**Dataset records:**
-=-=-=-=-

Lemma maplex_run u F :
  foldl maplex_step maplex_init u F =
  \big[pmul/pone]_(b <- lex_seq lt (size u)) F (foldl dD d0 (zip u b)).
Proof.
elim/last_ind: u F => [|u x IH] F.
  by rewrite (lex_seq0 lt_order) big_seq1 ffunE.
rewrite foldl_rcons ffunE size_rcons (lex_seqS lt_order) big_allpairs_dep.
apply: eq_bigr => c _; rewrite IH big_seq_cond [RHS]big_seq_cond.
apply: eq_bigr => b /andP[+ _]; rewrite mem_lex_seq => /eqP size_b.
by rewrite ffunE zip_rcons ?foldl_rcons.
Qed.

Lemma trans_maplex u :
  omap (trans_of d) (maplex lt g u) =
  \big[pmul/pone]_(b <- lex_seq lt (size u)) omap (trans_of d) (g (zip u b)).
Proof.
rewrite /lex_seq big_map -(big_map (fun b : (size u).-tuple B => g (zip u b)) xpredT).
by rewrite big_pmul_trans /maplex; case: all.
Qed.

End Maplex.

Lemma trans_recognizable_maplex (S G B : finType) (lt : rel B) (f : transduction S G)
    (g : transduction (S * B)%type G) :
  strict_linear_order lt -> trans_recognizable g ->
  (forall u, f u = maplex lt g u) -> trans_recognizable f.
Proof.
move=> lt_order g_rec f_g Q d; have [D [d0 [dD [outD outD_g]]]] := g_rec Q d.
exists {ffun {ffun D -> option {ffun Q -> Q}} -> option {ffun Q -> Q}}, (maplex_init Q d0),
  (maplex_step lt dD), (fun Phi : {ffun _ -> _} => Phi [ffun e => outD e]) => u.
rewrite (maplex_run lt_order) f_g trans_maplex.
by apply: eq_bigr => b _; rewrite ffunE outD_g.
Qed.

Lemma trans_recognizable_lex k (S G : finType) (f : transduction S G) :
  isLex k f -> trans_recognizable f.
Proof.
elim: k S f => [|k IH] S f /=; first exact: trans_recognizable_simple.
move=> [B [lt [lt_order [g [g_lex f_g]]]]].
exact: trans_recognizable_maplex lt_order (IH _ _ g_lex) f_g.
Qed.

-=-=-=-=-

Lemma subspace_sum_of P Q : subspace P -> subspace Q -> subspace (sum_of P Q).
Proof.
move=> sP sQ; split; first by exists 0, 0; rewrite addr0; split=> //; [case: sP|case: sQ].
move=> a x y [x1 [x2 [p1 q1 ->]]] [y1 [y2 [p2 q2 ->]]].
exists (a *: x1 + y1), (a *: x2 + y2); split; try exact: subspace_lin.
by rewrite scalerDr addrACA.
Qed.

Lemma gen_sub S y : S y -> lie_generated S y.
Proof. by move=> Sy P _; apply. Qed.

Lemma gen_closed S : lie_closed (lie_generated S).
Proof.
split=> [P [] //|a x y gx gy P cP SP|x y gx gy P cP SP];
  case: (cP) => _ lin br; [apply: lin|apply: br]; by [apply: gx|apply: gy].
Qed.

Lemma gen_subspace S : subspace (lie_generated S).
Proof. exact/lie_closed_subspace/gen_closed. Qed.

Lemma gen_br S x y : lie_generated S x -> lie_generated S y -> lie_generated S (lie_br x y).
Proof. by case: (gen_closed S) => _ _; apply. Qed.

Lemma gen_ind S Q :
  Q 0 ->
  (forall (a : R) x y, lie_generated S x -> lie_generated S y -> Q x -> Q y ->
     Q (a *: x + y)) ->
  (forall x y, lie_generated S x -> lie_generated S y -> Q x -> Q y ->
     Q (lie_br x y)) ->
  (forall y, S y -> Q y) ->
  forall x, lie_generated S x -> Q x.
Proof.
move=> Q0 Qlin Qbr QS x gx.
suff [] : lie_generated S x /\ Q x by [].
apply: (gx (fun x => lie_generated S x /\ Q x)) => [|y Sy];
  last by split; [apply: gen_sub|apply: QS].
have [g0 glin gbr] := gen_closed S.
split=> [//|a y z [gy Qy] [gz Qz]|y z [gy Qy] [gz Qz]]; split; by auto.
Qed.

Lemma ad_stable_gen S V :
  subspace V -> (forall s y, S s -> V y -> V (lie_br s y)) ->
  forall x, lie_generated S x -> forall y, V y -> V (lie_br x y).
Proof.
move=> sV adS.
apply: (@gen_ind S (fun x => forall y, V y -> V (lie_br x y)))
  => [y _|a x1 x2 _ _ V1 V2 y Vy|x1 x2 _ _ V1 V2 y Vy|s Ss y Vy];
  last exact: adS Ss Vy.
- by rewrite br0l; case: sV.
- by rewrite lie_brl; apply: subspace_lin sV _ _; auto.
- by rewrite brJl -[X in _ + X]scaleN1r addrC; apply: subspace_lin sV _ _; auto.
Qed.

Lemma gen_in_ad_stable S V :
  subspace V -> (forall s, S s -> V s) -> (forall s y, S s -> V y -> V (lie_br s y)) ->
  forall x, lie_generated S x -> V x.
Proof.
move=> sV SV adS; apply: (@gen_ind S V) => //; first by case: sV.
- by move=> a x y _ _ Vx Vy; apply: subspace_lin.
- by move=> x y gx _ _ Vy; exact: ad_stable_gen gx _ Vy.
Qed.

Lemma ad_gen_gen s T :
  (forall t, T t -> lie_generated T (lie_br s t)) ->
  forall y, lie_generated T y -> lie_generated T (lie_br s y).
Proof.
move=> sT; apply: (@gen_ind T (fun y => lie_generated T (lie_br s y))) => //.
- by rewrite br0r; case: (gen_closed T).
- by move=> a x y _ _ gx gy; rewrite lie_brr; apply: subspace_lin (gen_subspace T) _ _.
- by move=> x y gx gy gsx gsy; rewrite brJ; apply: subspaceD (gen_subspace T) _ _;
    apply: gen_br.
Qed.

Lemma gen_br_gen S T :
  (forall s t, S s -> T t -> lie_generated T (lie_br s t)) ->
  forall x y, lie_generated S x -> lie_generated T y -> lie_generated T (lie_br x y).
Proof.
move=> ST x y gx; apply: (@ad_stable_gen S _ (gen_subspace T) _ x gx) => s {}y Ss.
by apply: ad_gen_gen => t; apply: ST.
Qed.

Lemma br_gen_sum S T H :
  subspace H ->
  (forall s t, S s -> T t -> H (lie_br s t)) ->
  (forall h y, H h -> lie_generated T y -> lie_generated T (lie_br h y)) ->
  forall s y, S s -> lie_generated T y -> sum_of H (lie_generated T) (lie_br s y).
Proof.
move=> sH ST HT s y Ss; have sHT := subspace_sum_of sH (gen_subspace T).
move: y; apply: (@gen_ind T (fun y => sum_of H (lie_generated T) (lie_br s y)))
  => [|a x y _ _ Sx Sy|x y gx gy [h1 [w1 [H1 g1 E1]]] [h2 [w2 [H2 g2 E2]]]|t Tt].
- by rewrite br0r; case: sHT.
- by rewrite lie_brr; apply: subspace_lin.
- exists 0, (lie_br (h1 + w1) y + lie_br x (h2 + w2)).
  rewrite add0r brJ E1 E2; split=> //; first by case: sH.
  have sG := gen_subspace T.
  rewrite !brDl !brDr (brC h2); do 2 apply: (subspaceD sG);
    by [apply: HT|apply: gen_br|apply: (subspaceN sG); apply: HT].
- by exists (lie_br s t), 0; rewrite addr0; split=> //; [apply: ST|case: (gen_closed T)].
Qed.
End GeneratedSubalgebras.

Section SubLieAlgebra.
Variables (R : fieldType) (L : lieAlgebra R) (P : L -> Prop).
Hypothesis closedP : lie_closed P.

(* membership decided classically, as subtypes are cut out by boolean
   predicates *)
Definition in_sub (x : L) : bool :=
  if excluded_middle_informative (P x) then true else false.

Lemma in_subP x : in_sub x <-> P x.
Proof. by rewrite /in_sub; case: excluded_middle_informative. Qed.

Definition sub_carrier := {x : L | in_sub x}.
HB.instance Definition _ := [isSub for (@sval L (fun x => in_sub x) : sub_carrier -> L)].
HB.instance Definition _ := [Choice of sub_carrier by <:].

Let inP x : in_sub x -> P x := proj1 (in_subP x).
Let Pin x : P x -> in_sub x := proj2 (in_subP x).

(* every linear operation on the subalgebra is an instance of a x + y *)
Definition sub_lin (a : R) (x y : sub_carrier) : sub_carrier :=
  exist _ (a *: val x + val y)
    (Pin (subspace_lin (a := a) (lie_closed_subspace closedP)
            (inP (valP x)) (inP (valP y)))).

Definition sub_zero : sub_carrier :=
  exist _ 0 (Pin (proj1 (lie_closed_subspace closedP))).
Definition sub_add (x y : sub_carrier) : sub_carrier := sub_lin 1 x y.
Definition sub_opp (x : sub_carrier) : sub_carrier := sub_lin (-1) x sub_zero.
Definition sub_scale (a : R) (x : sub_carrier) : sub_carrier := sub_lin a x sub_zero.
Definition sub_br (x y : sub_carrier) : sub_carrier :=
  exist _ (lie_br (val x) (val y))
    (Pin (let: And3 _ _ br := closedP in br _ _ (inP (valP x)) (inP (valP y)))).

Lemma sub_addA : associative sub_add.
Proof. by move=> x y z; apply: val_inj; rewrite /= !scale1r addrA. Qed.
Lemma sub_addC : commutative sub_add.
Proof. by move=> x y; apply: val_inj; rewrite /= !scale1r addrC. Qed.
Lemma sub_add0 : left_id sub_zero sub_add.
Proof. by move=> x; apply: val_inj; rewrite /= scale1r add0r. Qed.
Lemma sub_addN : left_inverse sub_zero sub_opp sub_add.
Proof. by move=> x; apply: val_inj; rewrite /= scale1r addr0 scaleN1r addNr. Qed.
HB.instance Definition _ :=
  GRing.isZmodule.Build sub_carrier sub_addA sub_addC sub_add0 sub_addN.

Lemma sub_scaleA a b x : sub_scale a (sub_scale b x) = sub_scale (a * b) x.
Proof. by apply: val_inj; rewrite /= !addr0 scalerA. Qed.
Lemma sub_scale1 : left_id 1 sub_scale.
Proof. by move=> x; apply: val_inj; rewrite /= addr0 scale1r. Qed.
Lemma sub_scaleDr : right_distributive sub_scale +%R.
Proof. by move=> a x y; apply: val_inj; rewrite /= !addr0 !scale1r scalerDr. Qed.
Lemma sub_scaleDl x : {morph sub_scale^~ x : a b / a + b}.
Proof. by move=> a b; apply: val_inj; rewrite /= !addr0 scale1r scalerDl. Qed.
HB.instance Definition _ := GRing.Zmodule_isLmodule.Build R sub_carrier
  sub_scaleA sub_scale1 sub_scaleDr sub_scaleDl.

-=-=-=-=-

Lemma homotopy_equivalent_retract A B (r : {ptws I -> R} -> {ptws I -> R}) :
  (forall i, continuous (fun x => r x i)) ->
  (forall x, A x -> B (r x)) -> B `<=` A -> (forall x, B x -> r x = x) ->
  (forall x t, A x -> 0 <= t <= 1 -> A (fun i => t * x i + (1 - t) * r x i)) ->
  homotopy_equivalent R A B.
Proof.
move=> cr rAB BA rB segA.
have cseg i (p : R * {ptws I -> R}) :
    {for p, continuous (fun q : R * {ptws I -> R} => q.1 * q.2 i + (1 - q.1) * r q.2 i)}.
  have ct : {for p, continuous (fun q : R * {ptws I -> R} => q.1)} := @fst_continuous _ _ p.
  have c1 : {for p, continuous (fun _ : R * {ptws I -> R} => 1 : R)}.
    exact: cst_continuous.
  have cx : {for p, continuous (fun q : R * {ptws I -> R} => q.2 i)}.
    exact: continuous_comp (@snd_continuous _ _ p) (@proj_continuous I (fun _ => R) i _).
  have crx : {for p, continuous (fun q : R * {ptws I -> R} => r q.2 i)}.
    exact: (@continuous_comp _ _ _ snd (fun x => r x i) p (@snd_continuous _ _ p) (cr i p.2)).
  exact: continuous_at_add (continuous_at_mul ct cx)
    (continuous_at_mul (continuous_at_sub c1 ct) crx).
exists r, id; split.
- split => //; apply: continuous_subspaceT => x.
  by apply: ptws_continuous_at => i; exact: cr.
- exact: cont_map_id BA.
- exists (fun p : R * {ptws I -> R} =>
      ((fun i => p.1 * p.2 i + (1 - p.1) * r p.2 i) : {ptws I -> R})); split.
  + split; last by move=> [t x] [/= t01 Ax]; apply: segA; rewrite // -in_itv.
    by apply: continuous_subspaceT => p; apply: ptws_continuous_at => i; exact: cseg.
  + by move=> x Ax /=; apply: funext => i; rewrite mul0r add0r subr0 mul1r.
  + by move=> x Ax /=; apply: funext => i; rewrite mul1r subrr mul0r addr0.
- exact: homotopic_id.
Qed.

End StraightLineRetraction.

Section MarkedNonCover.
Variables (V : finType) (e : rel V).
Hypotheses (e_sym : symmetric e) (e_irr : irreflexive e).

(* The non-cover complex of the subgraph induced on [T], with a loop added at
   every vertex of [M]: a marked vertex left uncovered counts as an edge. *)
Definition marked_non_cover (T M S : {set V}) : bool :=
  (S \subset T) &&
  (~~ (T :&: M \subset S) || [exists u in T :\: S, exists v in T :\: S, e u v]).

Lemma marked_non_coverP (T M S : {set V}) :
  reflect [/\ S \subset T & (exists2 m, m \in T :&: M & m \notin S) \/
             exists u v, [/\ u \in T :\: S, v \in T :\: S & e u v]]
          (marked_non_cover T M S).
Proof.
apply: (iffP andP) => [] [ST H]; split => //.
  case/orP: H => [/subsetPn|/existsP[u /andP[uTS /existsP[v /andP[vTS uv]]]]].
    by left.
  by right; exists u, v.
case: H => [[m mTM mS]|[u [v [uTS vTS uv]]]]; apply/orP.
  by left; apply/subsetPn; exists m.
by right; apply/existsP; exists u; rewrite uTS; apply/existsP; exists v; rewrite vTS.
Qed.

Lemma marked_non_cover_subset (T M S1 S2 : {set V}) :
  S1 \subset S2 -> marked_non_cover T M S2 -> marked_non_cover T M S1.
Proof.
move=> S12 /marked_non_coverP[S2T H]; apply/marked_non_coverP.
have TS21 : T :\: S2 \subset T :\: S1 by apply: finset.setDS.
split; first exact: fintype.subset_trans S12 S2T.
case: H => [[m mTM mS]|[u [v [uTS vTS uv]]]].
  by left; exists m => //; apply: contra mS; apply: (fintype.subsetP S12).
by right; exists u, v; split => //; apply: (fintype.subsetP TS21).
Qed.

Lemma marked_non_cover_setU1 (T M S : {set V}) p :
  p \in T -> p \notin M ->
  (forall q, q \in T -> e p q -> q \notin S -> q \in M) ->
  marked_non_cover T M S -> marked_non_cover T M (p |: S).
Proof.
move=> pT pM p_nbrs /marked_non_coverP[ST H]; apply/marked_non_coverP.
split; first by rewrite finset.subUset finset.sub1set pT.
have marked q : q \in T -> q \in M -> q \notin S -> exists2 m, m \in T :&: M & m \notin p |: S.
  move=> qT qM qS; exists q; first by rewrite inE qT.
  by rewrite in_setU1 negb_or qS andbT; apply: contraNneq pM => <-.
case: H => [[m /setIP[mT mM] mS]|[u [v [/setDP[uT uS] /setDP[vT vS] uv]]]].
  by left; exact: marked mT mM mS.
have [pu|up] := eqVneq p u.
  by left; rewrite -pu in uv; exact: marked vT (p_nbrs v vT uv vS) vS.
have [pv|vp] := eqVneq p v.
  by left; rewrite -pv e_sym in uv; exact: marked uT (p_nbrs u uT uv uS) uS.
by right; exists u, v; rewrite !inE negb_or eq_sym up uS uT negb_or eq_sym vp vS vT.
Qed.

-=-=-=-=-

**EXERCISE:** From the data above, reproduce word for word the lines running from the line with "HB.instance Definition _ := [Choice" to the line with "Proof. by move=> x; apply: val_inj; rewrite /= scale1r add0r.", ends included.

**SOLUTION TO THIS EXERCISE:**
HB.instance Definition _ := [Choice of sub_carrier by <:].

Let inP x : in_sub x -> P x := proj1 (in_subP x).
Let Pin x : P x -> in_sub x := proj2 (in_subP x).

(* every linear operation on the subalgebra is an instance of a x + y *)
Definition sub_lin (a : R) (x y : sub_carrier) : sub_carrier :=
  exist _ (a *: val x + val y)
    (Pin (subspace_lin (a := a) (lie_closed_subspace closedP)
            (inP (valP x)) (inP (valP y)))).

Definition sub_zero : sub_carrier :=
  exist _ 0 (Pin (proj1 (lie_closed_subspace closedP))).
Definition sub_add (x y : sub_carrier) : sub_carrier := sub_lin 1 x y.
Definition sub_opp (x : sub_carrier) : sub_carrier := sub_lin (-1) x sub_zero.
Definition sub_scale (a : R) (x : sub_carrier) : sub_carrier := sub_lin a x sub_zero.
Definition sub_br (x y : sub_carrier) : sub_carrier :=
  exist _ (lie_br (val x) (val y))
    (Pin (let: And3 _ _ br := closedP in br _ _ (inP (valP x)) (inP (valP y)))).

Lemma sub_addA : associative sub_add.
Proof. by move=> x y z; apply: val_inj; rewrite /= !scale1r addrA. Qed.
Lemma sub_addC : commutative sub_add.
Proof. by move=> x y; apply: val_inj; rewrite /= !scale1r addrC. Qed.
Lemma sub_add0 : left_id sub_zero sub_add.
Proof. by move=> x; apply: val_inj; rewrite /= scale1r add0r. Qed.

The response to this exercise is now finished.